> [WORK ITEM]:
Go to the line containing "wr 0%N nn j (a - b)%N) numNewID ;;" in the records below and print it and every following line exactly, on through the line containing "Definition QuickLexSort (R", then stop.

> [SUPPLIED DATA]:

(* For $D \in \mathbb{R}^{m\times n}$, $Q \in \mathbb{Z}^{m\times n}$ whose $j$th column stores the sorting of the $j$th column of $D$, and a sequence $(a_1,\ldots,a_p)$ with $a_k\in\{0,\ldots,n-1\}$, QuickLexSort$(D,Q,(a_1,\ldots,a_p))$ runs in time $O(mp)$ and space $O(mn)$.
   Context: ''The $j$th column of $Q$ stores the sorting of the $j$th column of $D$'' means $(Q_{0j},\ldots,Q_{m-1,j})$ is a permutation of $\{0,\ldots,m-1\}$ with $D_{Q_{0j},j} \le \cdots \le D_{Q_{m-1,j},j}$. The model is a unit-cost random access machine (entry access, comparison of reals, integer arithmetic in constant time); space includes the inputs $D$ and $Q$. QuickLexSortRefine$(D,Q,i,L)$: initialize integer arrays $\mathrm{IDval},\mathrm{IDvalInit},\mathrm{subID},\mathrm{newCount},\mathrm{numNewID}$ of length $m$ to zero. For $j=0,\ldots,m-1$: let $r := Q[j,i]$, $\ell := L[r]$; if $\mathrm{IDvalInit}[\ell]=0$, set $\mathrm{IDvalInit}[\ell]:=1$, $\mathrm{IDval}[\ell]:=D[r,i]$; otherwise if $\mathrm{IDval}[\ell]\neq D[r,i]$, set $\mathrm{IDval}[\ell]:=D[r,i]$ and increment $\mathrm{newCount}[\ell]$; then set $\mathrm{subID}[r]:=\mathrm{newCount}[\ell]$. Set $\mathrm{numNewID}[m-1]:=\sum_{j=0}^{m-2}\mathrm{newCount}[j]$ and for $j=m-2,\ldots,1$, $\mathrm{numNewID}[j]:=\mathrm{numNewID}[j+1]-\mathrm{newCount}[j]$. Return $L'$ with $L'[j]:=L[j]+\mathrm{numNewID}[L[j]]+\mathrm{subID}[j]$. QuickLexSort$(D,Q,(a_1,\ldots,a_p))$: set $L'$ to the zero vector of length $m$; for $k=1,\ldots,p$ in order, set $L' :=$ QuickLexSortRefine$(D,Q,a_k,L')$; return $L'$. *)

(* Unit-cost RAM model rendered as an explicit cost monad. *)
From mathcomp Require Import all_boot all_order all_algebra.
From mathcomp Require Import reals.
Set Implicit Arguments. Unset Strict Implicit. Unset Printing Implicit Defensive.
Import Order.TTheory GRing.Theory Num.Theory.
Local Open Scope ring_scope.

(* ---------- Cost monad: time = number of unit-cost primitive steps;
   space = peak number of live memory cells (inputs D and Q included). ---- *)
Record cstate := CState { c_time : nat; c_live : nat; c_peak : nat }.
Definition CM (A : Type) := cstate -> A * cstate.

Definition cret {A} (x : A) : CM A := fun s => (x, s).
Definition cbind {A B} (m : CM A) (k : A -> CM B) : CM B :=
  fun s => let (x, s') := m s in k x s'.
Notation "x <- m ;; k" := (cbind m (fun x => k))
  (at level 61, m at next level, right associativity).
Notation "m ;;; k" := (cbind m (fun _ => k))
  (at level 61, right associativity).

(* one unit-cost step (comparison, integer arithmetic, control) *)
Definition tick : CM unit :=
  fun s => (tt, CState (c_time s).+1 (c_live s) (c_peak s)).
Definition alloc (k : nat) : CM unit :=
  fun s => (tt, CState (c_time s + k) (c_live s + k)
                       (maxn (c_peak s) (c_live s + k))).
Definition release (k : nat) : CM unit :=
  fun s => (tt, CState (c_time s).+1 (c_live s - k)%N (c_peak s)).

Definition newArr {T} (x0 : T) (k : nat) : CM (seq T) :=
  alloc k ;;; cret (nseq k x0).
Definition rd {T} (x0 : T) (a : seq T) (i : nat) : CM T :=
  tick ;;; cret (nth x0 a i).
Definition wr {T} (x0 : T) (a : seq T) (i : nat) (x : T) : CM (seq T) :=
  tick ;;; cret (set_nth x0 a i x).

Definition mget {T} {m n} (A : 'M[T]_(m, n)) (x0 : T) (r c : nat) : T :=
  match insub r, insub c with
  | Some i, Some j => A i j
  | _, _ => x0
  end.
Definition rdM {T} {m n} (A : 'M[T]_(m, n)) (x0 : T) (r c : nat) : CM T :=
  tick ;;; cret (mget A x0 r c).

Fixpoint cfor {S} (lo cnt : nat) (body : nat -> S -> CM S) (st : S) : CM S :=
  match cnt with
  | 0 => tick ;;; cret st
  | c.+1 => tick ;;; (st' <- body lo st ;; cfor lo.+1 c body st')
  end.

Definition QuickLexSortRefine (R : realType) (m n : nat)
    (D : 'M[R]_(m, n)) (Q : 'M[nat]_(m, n)) (i : nat) (L : seq nat)
  : CM (seq nat) :=
  IDval <- newArr (0 : R) m ;;
  IDvalInit <- newArr 0%N m ;;
  subID <- newArr 0%N m ;;
  newCount <- newArr 0%N m ;;
  numNewID <- newArr 0%N m ;;
  st <- cfor 0 m (fun j st =>
      let: (IDval, IDvalInit, subID, newCount) := st in
      r <- rdM Q 0%N j i ;;
      l <- rd 0%N L r ;;
      ini <- rd 0%N IDvalInit l ;;
      tick ;;;
      st2 <- (if ini == 0%N then
               IDvalInit' <- wr 0%N IDvalInit l 1%N ;;
               d <- rdM D 0 r i ;;
               IDval' <- wr 0 IDval l d ;;
               cret (IDval', IDvalInit', newCount)
             else
               v <- rd 0 IDval l ;;
               d <- rdM D 0 r i ;;
               tick ;;;
               (if v != d then
                  IDval' <- wr 0 IDval l d ;;
                  c <- rd 0%N newCount l ;;
                  tick ;;;
                  newCount' <- wr 0%N newCount l c.+1 ;;
                  cret (IDval', IDvalInit, newCount')
                else cret (IDval, IDvalInit, newCount))) ;;
      let: (IDval2, IDvalInit2, newCount2) := st2 in
      c <- rd 0%N newCount2 l ;;
      subID' <- wr 0%N subID r c ;;
      cret (IDval2, IDvalInit2, subID', newCount2))
    (IDval, IDvalInit, subID, newCount) ;;
  let: (IDval, IDvalInit, subID, newCount) := st in
  tot <- cfor 0 m.-1 (fun j acc =>
           c <- rd 0%N newCount j ;; tick ;;; cret (acc + c)%N) 0%N ;;
  numNewID <- wr 0%N numNewID m.-1 tot ;;
  numNewID <- cfor 0 (m - 2)%N (fun k nn =>
           let j := (m - 2 - k)%N in
           a <- rd 0%N nn j.+1 ;;
           b <- rd 0%N newCount j ;;
           tick ;;;
           wr 0%N nn j (a - b)%N) numNewID ;;
  L' <- newArr 0%N m ;;
  L' <- cfor 0 m (fun j L' =>
           lj <- rd 0%N L j ;;
           nn <- rd 0%N numNewID lj ;;
           sj <- rd 0%N subID j ;;
           tick ;;; tick ;;;
           wr 0%N L' j (lj + nn + sj)%N) L' ;;
  release (5 * m) ;;;
  cret L'.

Fixpoint cforeach {S} (s : seq nat) (body : nat -> S -> CM S) (st : S)
  : CM S :=
  match s with
  | [::] => tick ;;; cret st
  | x :: s' => tick ;;; (st' <- body x st ;; cforeach s' body st')
  end.

Definition QuickLexSort (R : realType) (m n : nat)
    (D : 'M[R]_(m, n)) (Q : 'M[nat]_(m, n)) (a : seq nat) : CM (seq nat) :=
  L0 <- newArr 0%N m ;;
  cforeach a (fun ak L =>
      L' <- QuickLexSortRefine D Q ak L ;;
      release m ;;;          (* the previous L is discarded *)
      cret L') L0.

(* Initial machine state: the inputs D and Q (2mn cells) are in memory. *)
Definition init_state (m n : nat) : cstate := CState 0 (2 * (m * n)) (2 * (m * n)).

Definition run_time {A} (c : CM A) (s0 : cstate) : nat := c_time (c s0).2.
Definition run_space {A} (c : CM A) (s0 : cstate) : nat := c_peak (c s0).2.

Definition stores_column_sorting (R : realType) (m n : nat)
    (D : 'M[R]_(m, n)) (Q : 'M[nat]_(m, n)) : Prop :=
  forall j : 'I_n,
    perm_eq [seq Q r j | r <- enum 'I_m] (iota 0 m) /\
    sorted <=%R [seq mget D 0 (Q r j) j | r <- enum 'I_m].

From mathcomp Require Import all_boot all_order all_algebra.
From mathcomp Require Import reals.
From mathcomp Require Import zify.

(* Every primitive step has a time cost and a memory footprint that do not
   depend on the values it handles, and the number of live cells evolves
   deterministically.  Hence costs compose along the program text: one
   refinement pass takes O(m) steps and O(m) extra cells, p passes take O(mp)
   steps, and the peak stays within the 2mn input cells plus O(m) <= O(mn)
   working cells. *)

Definition costs {A} (c : CM A) (T P b b' : nat) : Prop :=
  forall s, c_live s = b ->
    let s' := (c s).2 in
    [/\ (c_time s' <= c_time s + T)%N, c_live s' = b' &
        (c_peak s' <= maxn (c_peak s) P)%N].

Section CostRules.

Context {A : Type}.

Lemma costs_bind {B} (c : CM A) (k : A -> CM B) T1 T2 P1 P2 b b1 b2 :
  costs c T1 P1 b b1 -> (forall x, costs (k x) T2 P2 b1 b2) ->
  costs (cbind c k) (T1 + T2) (maxn P1 P2) b b2.
Proof.
move=> Hc Hk s Hs; rewrite /cbind.
have [t1 l1 p1] := Hc s Hs.
case E: (c s) => [x s1] in t1 l1 p1 *; rewrite /= in t1 l1 p1 *.
have [t2 l2 p2] := Hk x s1 l1.
split => //; lia.
Qed.

Lemma costs_if (cond : bool) (c1 c2 : CM A) T1 T2 P1 P2 b b' :
  costs c1 T1 P1 b b' -> costs c2 T2 P2 b b' ->
  costs (if cond then c1 else c2) (maxn T1 T2) (maxn P1 P2) b b'.
Proof.
move=> H1 H2 s Hs; case: cond.
- by have [? ? ?] := H1 s Hs; split => //; lia.
- by have [? ? ?] := H2 s Hs; split => //; lia.
Qed.

Lemma costs_le (c : CM A) T P T' P' b b1 b2 :
  costs c T P b b1 -> (T <= T')%N -> (P <= P')%N -> b1 = b2 ->
  costs c T' P' b b2.
Proof. by move=> H hT hP <- s Hs; have [? ? ?] := H s Hs; split => //; lia. Qed.

Lemma costs_cret (x : A) b : costs (cret x) 0 0 b b.
Proof. by move=> s Hs; split => //=; lia. Qed.

Lemma costs_newArr (x0 : A) k b : costs (newArr x0 k) k (b + k) b (b + k).
Proof. by move=> s <-; split => //=; lia. Qed.

Lemma costs_rd (x0 : A) a i b : costs (rd x0 a i) 1 0 b b.
Proof. by move=> s Hs; split => //=; lia. Qed.

Lemma costs_wr (x0 : A) a i x b : costs (wr x0 a i x) 1 0 b b.
Proof. by move=> s Hs; split => //=; lia. Qed.

Lemma costs_rdM m n (M : 'M[A]_(m, n)) x0 r c b : costs (rdM M x0 r c) 1 0 b b.
Proof. by move=> s Hs; split => //=; lia. Qed.

End CostRules.

Lemma costs_tick b : costs tick 1 0 b b.
Proof. by move=> s Hs; split => //=; lia. Qed.

Lemma costs_alloc k b : costs (alloc k) k (b + k) b (b + k).
Proof. by move=> s <-; split => //=; lia. Qed.

Lemma costs_release k b : costs (release k) 1 0 b (b - k).
Proof. by move=> s <-; split => //=; lia. Qed.

Section CostLoops.

Context {S : Type} (T P b : nat).

Lemma costs_cfor lo cnt (body : nat -> S -> CM S) st :
  (forall j st, costs (body j st) T P b b) ->
  costs (cfor lo cnt body st) (cnt * (T + 1) + 1) P b b.
Proof.
move=> Hbody; elim: cnt lo st => [|cnt IH] lo st /=.
  by apply: costs_le (costs_tick b) _ _ _ => //; lia.
apply: costs_le.
- apply: costs_bind; [exact: costs_tick | move=> _].
  by apply: costs_bind; [exact: Hbody | move=> st'; exact: IH].
- lia.
- lia.
- by [].
Qed.

Lemma costs_cforeach (s : seq nat) (body : nat -> S -> CM S) st :
  (forall j st, costs (body j st) T P b b) ->
  costs (cforeach s body st) (size s * (T + 1) + 1) P b b.
Proof.
move=> Hbody; elim: s st => [|x s IH] st /=.
  by apply: costs_le (costs_tick b) _ _ _ => //; lia.
apply: costs_le.
- apply: costs_bind; [exact: costs_tick | move=> _].
  by apply: costs_bind; [exact: Hbody | move=> st'; exact: IH].
- lia.
- lia.
- by [].
Qed.

End CostLoops.

(* Splits tuple-valued loop states so that the [let: (_, _) := st] matches in
   the program text reduce. *)
Ltac split_tuple x :=
  lazymatch type of x with
  | prod _ _ => let x1 := fresh "x" in let x2 := fresh "x" in
                destruct x as [x1 x2]; split_tuple x1
  | _ => idtac
  end.

(* Derives a cost judgment syntactically, leaving the time, peak and live-cell
   bounds as evars to be solved by arithmetic afterwards. *)
Ltac costs_syntax :=
  cbv beta iota zeta;
  lazymatch goal with
  | |- costs (cbind _ _) _ _ _ _ =>
      eapply costs_bind;
      [costs_syntax | let x := fresh "x" in intro x; split_tuple x; costs_syntax]
  | |- costs (if _ then _ else _) _ _ _ _ =>
      eapply costs_if; [costs_syntax | costs_syntax]
  | |- costs (cfor _ _ _ _) _ _ _ _ =>
      eapply costs_cfor; let j := fresh "j" in let x := fresh "x" in
      intros j x; split_tuple x; costs_syntax
  | |- costs tick _ _ _ _ => eapply costs_tick
  | |- costs (cret _) _ _ _ _ => eapply costs_cret
  | |- costs (alloc _) _ _ _ _ => eapply costs_alloc
  | |- costs (release _) _ _ _ _ => eapply costs_release
  | |- costs (newArr _ _) _ _ _ _ => eapply costs_newArr
  | |- costs (rd _ _ _) _ _ _ _ => eapply costs_rd
  | |- costs (wr _ _ _ _) _ _ _ _ => eapply costs_wr
  | |- costs (rdM _ _ _ _) _ _ _ _ => eapply costs_rdM
  end.

Lemma costs_QuickLexSortRefine {R : realType} {m n : nat} (D : 'M[R]_(m, n))
    (Q : 'M[nat]_(m, n)) i L b :
  costs (QuickLexSortRefine D Q i L) (100 * m + 100) (b + 6 * m) b (b + m).
Proof.
rewrite /QuickLexSortRefine; eapply costs_le; [costs_syntax | | |].
- have : (m.-1 <= m)%N by lia.
  have : (m - 2 <= m)%N by lia.
  rewrite ?maxn0 ?max0n /=; nia.
- by rewrite ?maxn0 ?max0n; repeat (apply/leq_maxl/andP; split); lia.
- lia.
Qed.

Lemma costs_QuickLexSort {R : realType} {m n : nat} (D : 'M[R]_(m, n))
    (Q : 'M[nat]_(m, n)) a b :
  costs (QuickLexSort D Q a) (m + (size a * (100 * m + 103) + 1))
        (b + 7 * m) b (b + m).
Proof.
rewrite /QuickLexSort; apply: costs_le.
- apply: costs_bind; [exact: costs_newArr | move=> L0].
  apply: costs_cforeach => ak L.
  apply: costs_le.
  + apply: costs_bind; [exact: costs_QuickLexSortRefine | move=> L'].
    apply: costs_bind; [exact: costs_release | move=> _; exact: costs_cret].
  + exact: leqnn.
  + exact: leqnn.
  + lia.
- lia.
- rewrite ?maxn0; lia.
- by [].
Qed.

Theorem mainTheorem5 :
  exists C : nat,
    forall (R : realType) (m n : nat) (D : 'M[R]_(m, n)) (Q : 'M[nat]_(m, n))
           (a : seq nat),
      (1 <= m)%N -> (1 <= size a)%N ->
      all (fun ak => ak < n)%N a ->
      stores_column_sorting D Q ->
      (run_time (QuickLexSort D Q a) (init_state m n) <= C * (m * size a))%N /\
      (run_space (QuickLexSort D Q a) (init_state m n) <= C * (m * n))%N.
Proof.
(* The cost bounds hold for arbitrary [Q]; the sorting hypothesis is only
   needed for the correctness of the output. *)
exists 300 => R m n D Q a m_gt0 a_gt0 a_lt_n _.
have n_gt0 : (0 < n)%N.
  by case: a a_gt0 a_lt_n => [|x a] //= _ /andP [x_lt_n _]; lia.
have [time_le _ peak_le] :=
  costs_QuickLexSort D Q a _ (init_state m n) erefl.
rewrite /run_time /run_space; split.
- apply: leq_trans time_le _ => /=.
  have : (0 < m * size a)%N by rewrite muln_gt0 m_gt0 a_gt0.
  nia.
- apply: leq_trans peak_le _ => /=.
  have : (0 < m * n)%N by rewrite muln_gt0 m_gt0 n_gt0.
  nia.
Qed.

> [ANSWER BOX]:
           wr 0%N nn j (a - b)%N) numNewID ;;
  L' <- newArr 0%N m ;;
  L' <- cfor 0 m (fun j L' =>
           lj <- rd 0%N L j ;;
           nn <- rd 0%N numNewID lj ;;
           sj <- rd 0%N subID j ;;
           tick ;;; tick ;;;
           wr 0%N L' j (lj + nn + sj)%N) L' ;;
  release (5 * m) ;;;
  cret L'.

Fixpoint cforeach {S} (s : seq nat) (body : nat -> S -> CM S) (st : S)
  : CM S :=
  match s with
  | [::] => tick ;;; cret st
  | x :: s' => tick ;;; (st' <- body x st ;; cforeach s' body st')
  end.

Definition QuickLexSort (R : realType) (m n : nat)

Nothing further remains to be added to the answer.